Meet Our Speakers: Yixian Zheng
Yixian Zheng is currently the director of the Department of Embryology at Carnegie Institute for Science.
Ahead of her talk as part of the Cell Biology department seminar series on October 25th, we had the pleasure of corresponding with Professor Zheng to briefly discuss her research and scientific journey.
Dr. Zheng graduated from Sichuan University with a B.S. in Genetics. Despite this, she candidly shared that a career in science was not what she wanted growing up. Having been raised during the Chinese Cultural Revolution, she aspired to be a novelist and spent a lot of her free time writing stories. Eventually, her desire to travel and experience the world motivated her to go abroad to pursue her graduate studies in Molecular Genetics with Dr. Beri Oakley at Ohio State University. This decision certainly did not disappoint as her contributions to the discovery of g-tubulin as a universal component of microtubule organization centers across species were made during these years as a graduate student. Her findings had immense impact in the field of cell biology and beyond. She continued to work on cytoskeletal organization during her postdoctoral studies with Professors Bruce Alberts and Tim Mitchison at the University of California, San Francisco. After a very productive postdoctoral career, she joined the department of Embryology at the Carnegie Institute for Science in 1996 with an adjunct Professorship in the department of Biology at Johns Hopkins University. At the Carnegie Institute for Science, she continues to make landmark discoveries on the coordination of signaling cascades with cell architecture such as the cytoskeleton and nuclear lamins to regulate fundamental cellular processes such as cell division and genome organization. Dr. Zheng has served and currently serves as members of multiple scientific editorial boards including those for Cell Research, the Journal of Cell Biology, Cell Discovery, and Nucleus.

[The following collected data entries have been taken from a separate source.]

(* $\mathfrak{L}(\mathrm{rtNBVA}(2))\not\subseteq\bigcup_k\mathfrak{L}(\mathrm{rtDBVA}(k))$.
   Context: $\mathfrak{L}(A)$ denotes the class of languages recognized by machines of type $A$; the union ranges over $k\ge1$. A real-time deterministic blind vector automaton of dimension $k$ ($\mathrm{rtDBVA}(k)$) is a 6-tuple $(Q,\Sigma,\delta,q_0,Q_a,v)$ with finite state set $Q$, initial state $q_0$, accept states $Q_a$, initial row vector $v\in\mathbb{Q}^k$ (freely chosen), and $\delta:Q\times(\Sigma\cup\{\cent,\$\})\to Q\times S$, $S$ the set of $k\times k$ rational matrices; the input $w$ is read as $\cent w\$$ left to right, one symbol per step, and $\delta(q,\sigma)=(q',M)$ means that in state $q$ reading $\sigma$ the machine goes to $q'$ and multiplies its row vector on the right by $M$. The input is accepted iff after processing $\$$ the state is in $Q_a$ and the first vector entry equals $1$. A real-time nondeterministic blind vector automaton of dimension $k$ ($\mathrm{rtNBVA}(k)$) is defined the same way except that $\delta:Q\times(\Sigma\cup\{\cent,\$\})\to\mathcal{P}(Q\times S)$ (power set), each step choosing one pair from $\delta(q,\sigma)$; an input is accepted iff some computation path ends, after processing $\$$, in a state of $Q_a$ with first vector entry equal to $1$. *)

From HB Require Import structures.
From mathcomp Require Import all_boot all_order all_algebra.
Set Implicit Arguments. Unset Strict Implicit. Unset Printing Implicit Defensive.
Import GRing.Theory Num.Theory.
Local Open Scope ring_scope.

Inductive tape_sym (Sigma : Type) : Type :=
  | Cent : tape_sym Sigma
  | Dollar : tape_sym Sigma
  | Sym : Sigma -> tape_sym Sigma.
Arguments Cent {Sigma}.
Arguments Dollar {Sigma}.

Definition tape (Sigma : Type) (w : seq Sigma) : seq (tape_sym Sigma) :=
  Cent :: rcons (map (@Sym Sigma) w) Dollar.

(* "the first entry of the vector equals 1" (meaningful for k >= 1) *)
Definition first_entry_is_one (k : nat) (x : 'rV[rat]_k) : Prop :=
  forall i : 'I_k, nat_of_ord i = 0%N -> x 0 i = 1.

Record rtDBVA (Sigma : Type) (k : nat) := MkDBVA {
  dQ : finType;
  dq0 : dQ;
  dQa : {set dQ};
  dv : 'rV[rat]_k;
  ddelta : dQ -> tape_sym Sigma -> dQ * 'M[rat]_k }.

Definition dstep (Sigma : Type) (k : nat) (M : rtDBVA Sigma k)
  (c : dQ M * 'rV[rat]_k) (a : tape_sym Sigma) : dQ M * 'rV[rat]_k :=
  let t := ddelta c.1 a in (t.1, c.2 *m t.2).

Definition drun (Sigma : Type) (k : nat) (M : rtDBVA Sigma k) (w : seq Sigma)
  : dQ M * 'rV[rat]_k :=
  foldl (dstep (M := M)) (dq0 M, dv M) (tape w).

Definition daccepts (Sigma : Type) (k : nat) (M : rtDBVA Sigma k)
  (w : seq Sigma) : Prop :=
  (drun M w).1 \in dQa M /\ first_entry_is_one (drun M w).2.

Record rtNBVA (Sigma : Type) (k : nat) := MkNBVA {
  nQ : finType;
  nq0 : nQ;
  nQa : {set nQ};
  nv : 'rV[rat]_k;
  ndelta : nQ -> tape_sym Sigma -> seq (nQ * 'M[rat]_k) }.

Definition nstep (Sigma : Type) (k : nat) (M : rtNBVA Sigma k)
  (cs : seq (nQ M * 'rV[rat]_k)) (a : tape_sym Sigma)
  : seq (nQ M * 'rV[rat]_k) :=
  flatten [seq [seq (p.1, c.2 *m p.2) | p <- ndelta c.1 a] | c <- cs].

Definition nrun (Sigma : Type) (k : nat) (M : rtNBVA Sigma k) (w : seq Sigma)
  : seq (nQ M * 'rV[rat]_k) :=
  foldl (nstep (M := M)) [:: (nq0 M, nv M)] (tape w).

Definition naccepts (Sigma : Type) (k : nat) (M : rtNBVA Sigma k)
  (w : seq Sigma) : Prop :=
  exists2 c, c \in nrun M w & (c.1 \in nQa M /\ first_entry_is_one c.2).

Definition dlang (Sigma : Type) (k : nat) (M : rtDBVA Sigma k) : seq Sigma -> Prop :=
  fun w => daccepts M w.
Definition nlang (Sigma : Type) (k : nat) (M : rtNBVA Sigma k) : seq Sigma -> Prop :=
  fun w => naccepts M w.

Definition recognizes {Sigma : Type} (A L : seq Sigma -> Prop) : Prop :=
  forall w, A w <-> L w.

From mathcomp Require Import all_boot all_order all_algebra.
From mathcomp Require Import lra.
Set Implicit Arguments. Unset Strict Implicit. Unset Printing Implicit Defensive.
Import GRing.Theory Num.Theory.
Local Open Scope ring_scope.

(* The witness is the language of binary words with unequally many 1s and 0s.
   A two-dimensional nondeterministic machine uses the vector (x, 1) as a
   counter: it guesses which symbol is in the majority and, by skipping some
   occurrences of that symbol, guesses the size of the majority.  Against a
   deterministic machine of dimension k, pigeonhole gives k + 1 prefixes 1^n
   (distinct n) that reach the same state; their vectors are linearly dependent,
   and the suffixes 0^n contradict any nontrivial dependency. *)

Lemma first_entry_is_oneE k (x : 'rV[rat]_k.+1) : first_entry_is_one x <-> x 0 0 = 1.
Proof.
split=> [/(_ 0 erefl) // | x00 i /= i0].
by have -> : i = 0 by apply: val_inj.
Qed.

Section NondeterministicRun.
Variables (Sigma : Type) (k : nat) (M : rtNBVA Sigma k).

Fixpoint naccepts_from (q : nQ M) (x : 'rV[rat]_k) (s : seq (tape_sym Sigma)) : Prop :=
  if s is a :: s' then exists2 p, p \in ndelta q a & naccepts_from p.1 (x *m p.2) s'
  else q \in nQa M /\ first_entry_is_one x.

Lemma foldl_nstep_accepting cs s :
  (exists2 c, c \in foldl (nstep (M := M)) cs s & c.1 \in nQa M /\ first_entry_is_one c.2)
  <-> exists2 c, c \in cs & naccepts_from c.1 c.2 s.
Proof.
elim: s cs => [|a s IHs] cs /=; first by [].
rewrite IHs; split.
- by case=> _ /flatten_mapP [c c_cs /mapP [p p_delta ->]] acc; exists c => //; exists p.
- case=> c c_cs [p p_delta acc]; exists (p.1, c.2 *m p.2) => //.
  by apply/flatten_mapP; exists c => //; apply/mapP; exists p.
Qed.

Lemma nacceptsE w : naccepts M w <-> naccepts_from (nq0 M) (nv M) (tape w).
Proof.
rewrite /naccepts /nrun foldl_nstep_accepting.
by split=> [[c]|acc]; [rewrite inE => /eqP -> | exists (nq0 M, nv M); rewrite ?inE].
Qed.

End NondeterministicRun.

Definition counter_row (x : rat) : 'rV[rat]_2 := \row_j (if j == 0 then x else 1).

Definition add_mx (d : rat) : 'M[rat]_2 :=
  \matrix_(i, j) (if i == j then 1 else if j == 0 then d else 0).

Lemma counter_row_add_mx x d : counter_row x *m add_mx d = counter_row (x + d).
Proof.
apply/rowP => j; rewrite !mxE !big_ord_recl big_ord0 !mxE.
by case: j => -[|[|//]] ?; rewrite /= ?mxE /=; lra.
Qed.

Lemma first_entry_counter_row x : first_entry_is_one (counter_row x) <-> x = 1.
Proof. by rewrite first_entry_is_oneE mxE. Qed.

Definition weight (y : bool) : rat := if y then 1 else -1.

Definition balance (w : seq bool) : rat := (count id w)%:R - (count negb w)%:R.

Lemma balance_cons y w : balance (y :: w) = weight y + balance w.
Proof. by case: y; rewrite /balance /= -?nat1r; lra. Qed.

(* In state [Some b] the machine bets that the balance has the sign of
   [weight b]; it may skip any symbol equal to [b], and the counter,
   started at [1 - weight b], must end at 1. *)
Definition balance_delta (q : option bool) (a : tape_sym bool) :
    seq (option bool * 'M[rat]_2) :=
  match q, a with
  | None, Cent => [seq (Some b, add_mx (- weight b)) | b <- [:: true; false]]
  | Some b, Sym y =>
      [seq (Some b, add_mx d) | d <- weight y :: (if y == b then [:: 0] else [::])]
  | Some b, Dollar => [:: (Some b, add_mx 0)]
  | _, _ => [::]
  end.

Definition balance_nbva : rtNBVA bool 2 :=
  MkNBVA (None : option bool) [set~ None] (counter_row 1) balance_delta.

Lemma counter_moveP q x ds s :
  (exists2 p, p \in [seq (q, add_mx d) | d <- ds] &
     naccepts_from p.1 (counter_row x *m p.2) s)
  <-> exists2 d, d \in ds & naccepts_from (M := balance_nbva) q (counter_row (x + d)) s.
Proof.
split=> [[_ /mapP [d d_ds ->]] | [d d_ds acc]].
  by rewrite counter_row_add_mx; exists d.
by exists (q, add_mx d); [apply/mapP; exists d | rewrite counter_row_add_mx].
Qed.

Lemma balance_branchP b x w :
  naccepts_from (M := balance_nbva) (Some b) (counter_row x)
    (rcons (map (@Sym bool) w) Dollar) <->
  exists2 n, (n <= count (pred1 b) w)%N & x + balance w = 1 + weight b * n%:R.
Proof.
elim: w x => [|y w IHw] x.
  rewrite /balance /=; split=> [[_ /[!inE] /eqP -> [_]] | [n]].
    by rewrite counter_row_add_mx addr0 first_entry_counter_row => ->; exists 0%N => //; lra.
  rewrite leqn0 => /eqP -> x1; exists (Some b, add_mx 0); rewrite ?inE //.
  by split; rewrite ?inE // counter_row_add_mx first_entry_counter_row; lra.
apply: (iff_trans (counter_moveP _ _ _ (rcons (map (@Sym bool) w) Dollar))).
rewrite balance_cons; case: eqVneq => [-> | neq_yb]; rewrite [count _ _]/=.
  rewrite eqxx add1n.
  split=> [[d /[!inE] /orP [] /eqP -> /IHw [n le_n e]] | [[|n] le_n e]].
  - by exists n; [exact: leqW | lra].
  - by exists n.+1 => //; rewrite -natr1 mulrDr mulr1; lra.
  - exists (weight b); rewrite ?inE ?eqxx //.
    by apply/(IHw (x + weight b)); exists 0%N => //; lra.
  - exists 0; rewrite ?inE ?eqxx ?orbT //; apply/(IHw (x + 0)); exists n => //.
    by move: e; rewrite -natr1 mulrDr mulr1; lra.
rewrite (negbTE neq_yb) add0n.
split=> [[d /[!inE] /eqP -> /IHw [n le_n e]] | [n le_n e]].
  by exists n => //; lra.
exists (weight y); rewrite ?inE //.
by apply/(IHw (x + weight y)); exists n => //; lra.
Qed.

Spindle Dynamics, Nuclear organization and Endosymbiosis
Her lab is currently working on three main areas: Spindle assembly with a focus on the mechanisms underlying the phase separation of a protein called BuGZ; Genome organization in development and aging, with a focus on how lamins influence mouse development and organogenesis/organ function through modulating genome organization; Cnidarian-alga endosymbiosis, with a focus on two organisms, a soft coral Xenia and green hydra.
Her broad scientific interests in multiple biological contexts is consistent with her approach towards research that is the constantly asking questions that push her research boundaries.
“I believe understanding biology requires us to understand how cells work. My studies of cytoskeleton led us to study nuclear organization by lamins because I found it difficult to imagine how signaling and transcriptional cascades can lead to the building of different cells and tissues at the right place and time.” She further notes, “Since the nuclear lamina proteins are connected to all forms of cytoskeleton, it made sense for us to study these proteins in the context of development.”